# Looking to buy a Mini. Questions about MPG and reliability



## dannieboiz (Oct 18, 2004)

I'm considering a used 03' 04' (budget) Mini as a commuter. I drive 120 miles a day back and forth from work in stop and go traffic. getting 20mpg isn't cutting it for me on my current car. 

With a budget of ~15k most Mini is in the 50k miles range. Within 2 years of me driving it, the car would be well over 100k miles. 

How much mpg am I sacrificing if I got the S' 6 speed over the base 5 speed? 

Are the maintenance of the Mini high?

Does anyone have a high miles Mini but still loving it? 

It's either this or a Hybrid Honda Civic. (only if I have to)


----------



## brkf (May 26, 2003)

dannieboiz said:


> I'm considering a used 03' 04' (budget) Mini as a commuter. I drive 120 miles a day back and forth from work in stop and go traffic. getting 20mpg isn't cutting it for me on my current car.
> 
> With a budget of ~15k most Mini is in the 50k miles range.
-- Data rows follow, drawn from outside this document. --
(* Let $G$ be an oriented graph derived from a Burling tree $T$ and let $uv$ be a bottom arc of $G$ with respect to $T$. Let $G'$ be obtained from $G$ by subdividing $uv$ into $uwv$ (removing the arc $uv$ and adding a new vertex $w$ with arcs $uw$ and $wv$). Then $G'$ can be derived from a Burling tree $T'$ in such a way that, with respect to $T'$: $uw$ is a bottom arc of $G'$; $wv$ is both a bottom arc and a top arc of $G'$; every top arc of $G$ with respect to $T$ other than $uv$ is a top arc of $G'$; and every bottom arc of $G$ with respect to $T$ other than $uv$ is a bottom arc of $G'$.
   Context: Oriented graphs are finite, without loops, multiple arcs or pairs of opposite arcs. In a rooted tree $T$ with root $r$, each non-root vertex $v$ has a parent $p(v)$; children, leaves, ancestors and descendants are as usual. A branch is a sequence $v_1\dots v_k$ ($k\ge0$) with $v_i$ the parent of $v_{i+1}$; it starts at $v_1$. A Burling tree is a 4-tuple $(T,r,\ell,c)$: $T$ a rooted tree with root $r$; $\ell$ assigns to each non-leaf vertex $v$ one of its children $\ell(v)$ (the last-born of $v$); $c$ assigns to every vertex $v$ that is neither the root nor a last-born the vertex-set of a (possibly empty) branch starting at $\ell(p(v))$, and $c(v)=\emptyset$ if $v$ is the root or a last-born. The oriented graph fully derived from it has vertex-set $V(T)$ and an arc $uv$ iff $v\in c(u)$; an oriented graph is derived from the Burling tree if it is an induced subgraph of the fully derived one. If $G$ is derived from $T$ and $uv$ is an arc of $G$, then all out-neighbors of $u$ lie on one branch of $T$; $uv$ is a top arc with respect to $T$ if $v$ is the out-neighbor of $u$ closest in $T$ to the root, and a bottom arc with respect to $T$ if $v$ is the out-neighbor of $u$ furthest in $T$ from the root. *)

From mathcomp Require Import all_boot.
Set Implicit Arguments. Unset Strict Implicit. Unset Printing Implicit Defensive.

(* A Burling tree (T, r, l, c) on a finite vertex type V.
   par v = Some q  iff q is the parent of v;  par v = None iff v is the root.
   lb v = Some x   iff v is a non-leaf with last-born child x. *)
Record burling_tree (V : finType) := BurlingTree {
  bt_root : V;
  bt_par : V -> option V;
  bt_lb : V -> option V;
  bt_c : V -> {set V};
  bt_par_none : forall v, bt_par v = None <-> v = bt_root;
  bt_reach : forall v, exists n, iter n (obind bt_par) (Some v) = Some bt_root;
  bt_lb_child : forall v x, bt_lb v = Some x -> bt_par x = Some v;
  bt_lb_leaf : forall v, bt_lb v = None -> forall x, bt_par x <> Some v;
  bt_c_trivial : forall v, (v = bt_root \/ exists y, bt_lb y = Some v) -> bt_c v = set0;
  (* otherwise c v is the vertex set of a (possibly empty) branch starting at l(p(v)) *)
  bt_c_branch : forall v q x, bt_par v = Some q -> bt_lb q = Some x -> x <> v ->
    exists s : seq V, bt_c v = [set y in s] /\
      (s = [::] \/ exists t, s = x :: t /\ path (fun a b => bt_par b == Some a) x t)
}.

Definition anc (V : finType) (T : burling_tree V) (a b : V) : Prop :=
  exists n, iter n (obind (bt_par T)) (Some b) = Some a.

(* An oriented graph with vertex type W and arc relation A is derived from T via
   the injective vertex map f: it is (isomorphic via f to) an induced subgraph of
   the graph fully derived from T (arc xy iff y in c(x)). *)
Definition derived (V W : finType) (T : burling_tree V) (A : rel W) (f : W -> V) : Prop :=
  injective f /\ forall x y, A x y = (f y \in bt_c T (f x)).

(* uv is a top arc: v is the out-neighbour of u closest to the root
   (all out-neighbours lie on one branch, so: f v is an ancestor-or-self of all). *)
Definition top_arc (V W : finType) (T : burling_tree V) (A : rel W) (f : W -> V) (u v : W) : Prop :=
  A u v /\ forall y, A u y -> anc T (f v) (f y).

(* uv is a bottom arc: v is the out-neighbour of u furthest from the root. *)
Definition bottom_arc (V W : finType) (T : burling_tree V) (A : rel W) (f : W -> V) (u v : W) : Prop :=
  A u v /\ forall y, A u y -> anc T (f y) (f v).

(* Subdividing the arc uv into u w v; the new vertex w is None. *)
Definition subdiv (W : finType) (A : rel W) (u v : W) : rel (option W) :=
  fun x y => match x, y with
  | Some a, Some b => A a b && ((a, b) != (u, v))
  | Some a, None => a == u
  | None, Some b => b == v
  | None, None => false
  end.

From mathcomp Require Import all_boot.
Set Implicit Arguments. Unset Strict Implicit. Unset Printing Implicit Defensive.

(* Write U = f u and X = f v. X lies on the branch c(U); let q be the parent of
   X and L the last-born of q. Build T' from T by giving q a new last-born b
   whose children are a new last-born d and a new leaf w, and by moving X and L
   from q to d, L remaining a last-born. A branch of T that goes from q to X or
   L now passes through q, b, d, so it only gains b and d, which carry no
   vertex of G'. The branch c(U) is cut just below q and continued by b, w:
   since v was the bottom out-neighbour of u, u keeps all its other
   out-neighbours and w is now its lowest one. Setting c(w) = {d, X} makes v the
   only out-neighbour of w. Ancestry in T implies ancestry in T', so all other
   top and bottom arcs survive. *)

Section Reach.
Variables (A : Type) (g : A -> option A).

Definition reach (a b : A) : Prop := exists n, iter n (obind g) (Some b) = Some a.

Lemma iter_obind_None n : iter n (obind g) None = None.
Proof. by elim: n => //= n ->. Qed.

Lemma reach_refl a : reach a a.
Proof. by exists 0. Qed.

Lemma reach_step a b : g b = Some a -> reach a b.
Proof. by exists 1. Qed.

Lemma reach_trans a b c : reach a b -> reach b c -> reach a c.
Proof. by move=> [n up_b] [m up_c]; exists (n + m); rewrite iterD up_c. Qed.

Lemma reach_strict a b : reach a b -> a <> b -> exists2 p, g b = Some p & reach a p.
Proof.
move=> [[|n] up_b] ab; first by case: ab; case: up_b.
move: up_b; rewrite iterSr /=; case: (g b) => [p|] up_p; first by exists p; [|exists n].
by rewrite iter_obind_None in up_p.
Qed.

End Reach.

(* [anc T] unfolds to [reach (bt_par T)], so the lemmas above apply to it. *)

Definition par_rel (A : eqType) (g : A -> option A) : rel A := fun a b => g b == Some a.

Definition is_branch (A : finType) (g : A -> option A) (x : A) (C : {set A}) : Prop :=
  exists s, C = [set y in s] /\ (s = [::] \/ exists t, s = x :: t /\ path (par_rel g) x t).

Section BurlingTreeFacts.
Variables (V : finType) (T : burling_tree V).
Local Notation par := (bt_par T).

Lemma bt_par_root : par (bt_root T) = None.
Proof. exact/(bt_par_none T). Qed.

Lemma not_anc_par x p : par x = Some p -> ~ anc T x p.
Proof.
move=> par_x [n up_p]; have [m up_m] := bt_reach T x.
have : iter (m + n.+1) (obind par) (Some x) = Some (bt_root T).
  by rewrite iterD iterSr /= par_x up_p.
by rewrite addnC iterD up_m iterSr /= bt_par_root iter_obind_None.
Qed.

Lemma anc_antisym a b : anc T a b -> anc T b a -> a = b.
Proof.
move=> anc_ab anc_ba; apply/eqP/negPn/negP => /eqP ab.
have [p par_b anc_ap] := reach_strict anc_ab ab.
exact: not_anc_par par_b (reach_trans anc_ba anc_ap).
Qed.

Lemma mem_path_anc_par x t y :
  path (par_rel par) x t -> y \in t -> exists2 p, par y = Some p & anc T x p.
Proof.
elim: t x => //= y0 t IH x /andP[/eqP par_y0 path_t].
rewrite inE => /predU1P[->|y_t]; first by exists x; last exact: reach_refl.
have [p par_y anc_p] := IH _ path_t y_t.
by exists p; last exact: reach_trans (reach_step par_y0) anc_p.
Qed.

Lemma path_notin_head x t : path (par_rel par) x t -> x \notin t.
Proof.
move=> path_t; apply/negP => /(mem_path_anc_par path_t)[p par_x anc_p].
exact: not_anc_par par_x anc_p.
Qed.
Within 2 years of me driving it, the car would be well over 100k miles.
> 
> ...


In my Cooper S I get 30 mpg driving the car very hard split amongst 35% city/ 35% rush-hour/ 30% freeway.

My mother-in-law had an 06 Civic Hybrid (she lemoned it for a 2007 Prius). She rarely got over 36 mpg with it. I could pull 42 with the Civic pretty easily. Bear in mind the Civic nets you a few things:

1. Regular gas - a savings of 20 cents per gallon fill up. 
2. Tax credit. 2k tax credit is a big boon
3. Honda reliability
4. Honda resale - with 15k miles, she made money on the civic when she sold it back. Weird but the tax credit had a part in this.
5. Tons of dealers

About Mini's

1. You get paid service for the first 36k miles
2. small dealer network
3. Few places can work on them outside the dealer
4. Parts come from abroad and take eons to arrive...I've experienced this twice in 6 months of ownership

Honestly, if I were doing a long commute I'd go for the Civic - either regular or hybrid. If you're a smart driver, the Civic will easily get you 40 mpg on a freeway drive. The best I've seen with my mini was 36 mpg on the freeway. More often it's around 33 mpg. But the Mini lacks the Civic's long warranty (100k miles I believe), space and cheaper operating costs.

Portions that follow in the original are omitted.